**Problem details**.
Locate the line bearing "convexity of [h]" in the material below, then reproduce it and each following line up to and including the line bearing "semicontinuity yields a".

**Recorded data**.

+ + + + +

Definition classC (f : Zsp -> \bar R) : Prop :=
  properf f /\ convexf f /\ (forall z, (cfun z <= f z)%E).

Definition classR (f : Zsp -> \bar R) : Prop := classC f /\ lsc_tw f.

Definition classD (f : Zsp -> \bar R) : Prop :=
  classR f /\ (forall z, (cfun z <= fsq f z)%E).

End Fitzpatrick.

(* Let [h] be in [C] and [h z = c z].  Along the segment [t a + (1 - t) z],
   convexity of [h] and [h >= c] compare a linear and a quadratic function of
   [t]; letting [t -> 0] gives [z.a - h a <= c z], i.e. [h^square z <= c z], and
   [a = z] gives equality.
   Conversely, let [h] be in [D] with [h^square z0 = c z0 < h z0].  Lower
   semicontinuity yields a convex neighbourhood of [z0.1] and finitely many
   evaluations controlling [h] near [z0]; the Mazur-Orlicz form of the
   Hahn-Banach theorem (proved from Zorn's lemma: a minimal sublinear
   functional is linear) then separates [(z0, c z0)] from the epigraph of [h]
   by a [tau x omega^*]-continuous affine functional, that is by some [w] in
   [Z], with [h^square w <= al < z0.w - c z0].  The same segment argument
   between [w] and [z0], now for the convex function [h^square >= c], gives
   [z0.w <= c z0 + al]. *)

From Pilot Require Import Defs.
From mathcomp Require Import all_boot all_order all_algebra.
From mathcomp Require Import all_classical all_reals all_analysis.
From mathcomp Require Import ring lra.
Set Implicit Arguments. Unset Strict Implicit. Unset Printing Implicit Defensive.
Import Order.TTheory GRing.Theory Num.Theory.
Import numFieldNormedType.Exports.
Local Open Scope classical_set_scope.
Local Open Scope ring_scope.

Section HahnBanach.
Variables (R : realType) (V : lmodType R).

Definition sublinear (p : V -> R) :=
  (forall u w, p (u + w) <= p u + p w) /\
  (forall (t : R) u, 0 < t -> p (t *: u) <= t * p u).

Definition linear_functional (f : V -> R) :=
  forall (a : R) u w, f (a *: u + w) = a * f u + f w.

Definition is_convex (C : set V) :=
  forall (a : R) x y, 0 <= a -> a <= 1 -> C x -> C y -> C (a *: x + (1 - a) *: y).

Lemma sublinearZ p t u : sublinear p -> 0 < t -> p (t *: u) = t * p u.
Proof.
move=> [_ pZ] t0; apply/eqP; rewrite eq_le pZ //=.
have := pZ t^-1 (t *: u); rewrite invr_gt0 t0 scalerA mulVf ?gt_eqF // scale1r.
by move=> /(_ isT); rewrite -(ler_pM2l t0) mulrA mulfV ?gt_eqF // mul1r.
Qed.

Lemma sublinear0 p : sublinear p -> p 0 = 0.
Proof.
by move=> sp; have := sublinearZ 0 sp (ltr0Sn _ 1); rewrite scaler0; lra.
Qed.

+ + + + +

**Answer for the task**.
   convexity of [h] and [h >= c] compare a linear and a quadratic function of
   [t]; letting [t -> 0] gives [z.a - h a <= c z], i.e. [h^square z <= c z], and
   [a = z] gives equality.
   Conversely, let [h] be in [D] with [h^square z0 = c z0 < h z0].  Lower
   semicontinuity yields a convex neighbourhood of [z0.1] and finitely many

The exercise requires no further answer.